***** DATASET EXTRACT

(* Substituting [a] for [x] and [e] for [z] detects [occ x w] (up to 2), whether [z] occurs,
   and whether an [x] precedes a [z]: the product is [0] as soon as [ae] appears. *)
Definition subst_ae (x z : nat) : nat -> Mcal :=
  fun b => if Nat.eq_dec b x then ma else if Nat.eq_dec b z then me else m1.

Definition ae_value (k : nat) (xz has_z : bool) : Mcal :=
  if xz then m0
  else match k with
       | 0 => if has_z then me else m1
       | 1 => if has_z then mea else ma
       | 2 => maa
       | _ => m0
       end.

Lemma eval_subst_ae x z w : x <> z ->
  eval_word Mcal (subst_ae x z) w = ae_value (occ x w) (precedesb x z w) (memb z w).
Proof.
  intros Hxz. induction w as [|b w IH]; [reflexivity|].
  rewrite eval_word_cons, IH. change (@mop Mcal) with m6op. unfold subst_ae, occ. simpl.
  destruct (Nat.eq_dec b x) as [->|Hbx]; [|destruct (Nat.eq_dec b z) as [->|Hbz]].
  - rewrite Nat.eqb_refl, (proj2 (Nat.eqb_neq x z) Hxz).
    destruct (precedesb x x w), (precedesb x z w), (memb z w),
      (count_occ Nat.eq_dec w x) as [|[|[|k]]]; reflexivity.
  - rewrite (proj2 (Nat.eqb_neq z x) Hbx), Nat.eqb_refl.
    destruct (precedesb x z w), (memb z w), (count_occ Nat.eq_dec w x) as [|[|[|k]]]; reflexivity.
  - rewrite (proj2 (Nat.eqb_neq b x) Hbx), (proj2 (Nat.eqb_neq b z) Hbz).
    destruct (precedesb x z w), (memb z w), (count_occ Nat.eq_dec w x) as [|[|[|k]]]; reflexivity.
Qed.

Lemma Mcal_sat_occ u v : sat Mcal u v -> (forall x, occ x u <= 2) -> forall x, occ x v = occ x u.
Proof.
  intros Huv H2 x. pose proof (Huv (subst_a x)) as E. rewrite !eval_subst_a in E.
  specialize (H2 x). destruct (occ x u) as [|[|[|k]]], (occ x v) as [|[|[|k']]];
    simpl in E; try discriminate; lia.
Qed.

Lemma Mcal_sat_precedes u v : sat Mcal u v -> (forall x, occ x u <= 2) ->
  forall x z, x <> z -> precedes u x z <-> precedes v x z.
Proof.
  intros Huv H2 x z Hxz. pose proof (Mcal_sat_occ u v Huv H2 x) as Hc.
  pose proof (Huv (subst_ae x z)) as E. rewrite !eval_subst_ae, Hc in E by exact Hxz.
  rewrite <- !precedesb_spec.
  pose proof (H2 x). pose proof (precedesb_occ x z u). pose proof (precedesb_occ x z v).
  rewrite Hc in *.
  destruct (occ x u) as [|[|[|k]]]; [| | |lia];
  destruct (precedesb x z u), (precedesb x z v), (memb z u), (memb z v); simpl in E;
    try discriminate; try tauto; try (exfalso; lia).
Qed.

Lemma Mcal_sat_eq u v : sat Mcal u v ->
  (forall x, occ x u <= 2) ->
  (forall i, i + 1 < length u -> has_later u i -> has_later u (i + 1) -> False) ->
  (forall i, i + 1 < length u -> is_second u i -> is_second u (i + 1) -> False) ->
  u = v.
Proof.
  intros Huv H2 Hl Hs. apply word_eq_of_occ_precedes; auto.
  - apply Mcal_sat_occ; assumption.
  - apply Mcal_sat_precedes; assumption.
Qed.

(** * The isoterms [W m] *)

Definition y (p : nat) : nat := 3 * p.
Definition q (p : nat) : nat := 3 * p + 1.
Definition t_letter : nat := 1.
Definition s_letter : nat := 2.

Definition block (p : nat) : list nat := [y p; y (p - 1); q p; q p].

Fixpoint blocks (a k : nat) : list nat :=
  match k with 0 => [] | S k' => block a ++ blocks (S a) k' end.

Definition closing (m : nat) : list nat :=
  [y (m + 3); y (m + 2); y (m + 4); y (m + 3); s_letter; y (m + 4)].

(* W m = y1 t y2 y1 (y3 y2 q3 q3) ... (y(m+2) y(m+1) q(m+2) q(m+2))
           y(m+3) y(m+2) y(m+4) y(m+3) s y(m+4),
   in which every letter but t and s occurs exactly twice. *)
Definition W (m : nat) : list nat := [y 1; t_letter; y 2; y 1] ++ blocks 3 m ++ closing m.

Lemma blocks_length a k : length (blocks a k) = 4 * k.
Proof. revert a; induction k; intros; simpl; [lia|]. rewrite IHk. lia. Qed.

Lemma W_length m : length (W m) = 4 * m + 10.
Proof. unfold W. rewrite !length_app, blocks_length. simpl. lia. Qed.

Lemma blocks_nth a k i r : i < k -> r < 4 -> (blocks a k).[4 * i + r] = (block (a + i)).[r].
Proof.
  revert a i; induction k; intros a i Hi Hr; [lia|].
  cbn [blocks]. destruct i.
  - rewrite app_nth1 by (simpl; lia). now replace (a + 0) with a by lia.
  - rewrite app_nth2 by (simpl; lia). simpl length.
    replace (4 * S i + r - 4) with (4 * i + r) by lia.
    rewrite IHk by lia. now replace (S a + i) with (a + S i) by lia.
Qed.

Lemma W_letter_cases m i : i < 4 * m + 10 ->
  (i = 0 /\ (W m).[i] = y 1) \/ (i = 1 /\ (W m).[i] = t_letter) \/
  (i = 2 /\ (W m).[i] = y 2) \/ (i = 3 /\ (W m).[i] = y 1) \/
  (exists p, 3 <= p <= m + 2 /\
     ((i = 4*p-8 /\ (W m).[i] = y p) \/ (i = 4*p-7 /\ (W m).[i] = y (p-1)) \/
      (i = 4*p-6 /\ (W m).[i] = q p) \/ (i = 4*p-5 /\ (W m).[i] = q p))) \/
  (i = 4*m+4 /\ (W m).[i] = y (m+3)) \/ (i = 4*m+5 /\ (W m).[i] = y (m+2)) \/
  (i = 4*m+6 /\ (W m).[i] = y (m+4)) \/ (i = 4*m+7 /\ (W m).[i] = y (m+3)) \/
  (i = 4*m+8 /\ (W m).[i] = s_letter) \/ (i = 4*m+9 /\ (W m).[i] = y (m+4)).
Proof.
  intros Hi. unfold W.
  destruct (Nat.lt_ge_cases i 4) as [H4|H4].
  - rewrite app_nth1 by (simpl; lia).
    destruct i as [|[|[|[|i]]]]; simpl; try lia; tauto.
  - rewrite app_nth2 by (simpl; lia). simpl length.
    destruct (Nat.lt_ge_cases (i-4) (4*m)) as [Hb|Hb].
    + rewrite app_nth1 by (rewrite blocks_length; lia).
      pose proof (Nat.div_mod_eq (i-4) 4) as Hd.
      pose proof (Nat.mod_upper_bound (i-4) 4 ltac:(lia)) as Hm.
      set (k := (i-4)/4) in *. set (r := (i-4) mod 4) in *.
      assert (Hk : k < m) by lia.
      replace (i-4) with (4*k+r) by lia.
      rewrite blocks_nth by lia.
      do 4 right. left. exists (3+k). split; [lia|].
      unfold block.
      destruct r as [|[|[|[|r]]]]; simpl; try (exfalso; lia).
      * left. split; [lia|reflexivity].
      * right; left. split; [lia|f_equal; lia].
      * right; right; left. split; [lia|reflexivity].
      * right; right; right. split; [lia|reflexivity].
    + rewrite app_nth2 by (rewrite blocks_length; lia).
      rewrite blocks_length. unfold closing.
      remember (i - 4 - 4*m) as r eqn:Hr.
      destruct r as [|[|[|[|[|[|r]]]]]]; simpl; try (exfalso; lia).
      * do 5 right; left. split; [lia|reflexivity].
      * do 6 right; left. split; [lia|reflexivity].
      * do 7 right; left. split; [lia|reflexivity].
      * do 8 right; left. split; [lia|reflexivity].
      * do 9 right; left. split; [lia|reflexivity].
      * do 10 right. split; [lia|reflexivity].
Qed.

Definition W_twins m i j := (i = 0 /\ j = 3) \/ (i = 2 /\ j = 5) \/
  (exists p, 3 <= p <= m + 2 /\ ((i = 4*p-8 /\ j = 4*p-3) \/ (i = 4*p-6 /\ j = 4*p-5))) \/
  (i = 4*m+4 /\ j = 4*m+7) \/ (i = 4*m+6 /\ j = 4*m+9).

Ltac solve_twins :=
  first [ exfalso; lia
        | left; lia
        | right; left; lia
        | right; right; right; lia
        | match goal with
          | p : nat |- _ => right; right; left; exists p; lia
          end ].

Lemma W_twins_of_eq m i j : i < j -> j < 4 * m + 10 -> (W m).[i] = (W m).[j] -> W_twins m i j.
Proof.
  intros Hij Hj Heq.
  destruct (W_letter_cases m i ltac:(lia)) as
    [[-> Hi]|[[-> Hi]|[[-> Hi]|[[-> Hi]|[[p [Hp [[-> Hi]|[[-> Hi]|[[-> Hi]|[-> Hi]]]]]]|
     [[-> Hi]|[[-> Hi]|[[-> Hi]|[[-> Hi]|[[-> Hi]|[-> Hi]]]]]]]]]]];
  destruct (W_letter_cases m j ltac:(lia)) as
    [[-> Hj']|[[-> Hj']|[[-> Hj']|[[-> Hj']|[[p' [Hp' [[-> Hj']|[[-> Hj']|[[-> Hj']|[-> Hj']]]]]]|
     [[-> Hj']|[[-> Hj']|[[-> Hj']|[[-> Hj']|[[-> Hj']|[-> Hj']]]]]]]]]]];
  rewrite ?Hi, ?Hj' in Heq; unfold y, q, t_letter, s_letter in Heq; unfold W_twins;
  solve_twins.
Qed.

Ltac W_letter := match goal with |- (W ?m).[?i] = _ =>
  let H := fresh in pose proof (W_letter_cases m i ltac:(lia)) as H;
  decompose [or and ex] H; clear H;
  match goal with Hv : (W m).[i] = _ |- _ =>
    rewrite Hv; unfold y, q, t_letter, s_letter; lia end end.

Ltac destruct_twins H := unfold W_twins in H; decompose [or and ex] H; clear H.

Definition pairs_distinct (w : list nat) := forall i j, i < j -> j + 1 < length w ->
  w.[i] = w.[j] -> w.[i + 1] = w.[j + 1] -> False.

**********

**TASK TO CARRY OUT:** Copying word for word, give each line of the data above from the first one through the line containing "destruct (Nat.eq_dec b x)", and nothing else.

**TASK RESPONSE:**
(* Substituting [a] for [x] and [e] for [z] detects [occ x w] (up to 2), whether [z] occurs,
   and whether an [x] precedes a [z]: the product is [0] as soon as [ae] appears. *)
Definition subst_ae (x z : nat) : nat -> Mcal :=
  fun b => if Nat.eq_dec b x then ma else if Nat.eq_dec b z then me else m1.

Definition ae_value (k : nat) (xz has_z : bool) : Mcal :=
  if xz then m0
  else match k with
       | 0 => if has_z then me else m1
       | 1 => if has_z then mea else ma
       | 2 => maa
       | _ => m0
       end.

Lemma eval_subst_ae x z w : x <> z ->
  eval_word Mcal (subst_ae x z) w = ae_value (occ x w) (precedesb x z w) (memb z w).
Proof.
  intros Hxz. induction w as [|b w IH]; [reflexivity|].
  rewrite eval_word_cons, IH. change (@mop Mcal) with m6op. unfold subst_ae, occ. simpl.
  destruct (Nat.eq_dec b x) as [->|Hbx]; [|destruct (Nat.eq_dec b z) as [->|Hbz]].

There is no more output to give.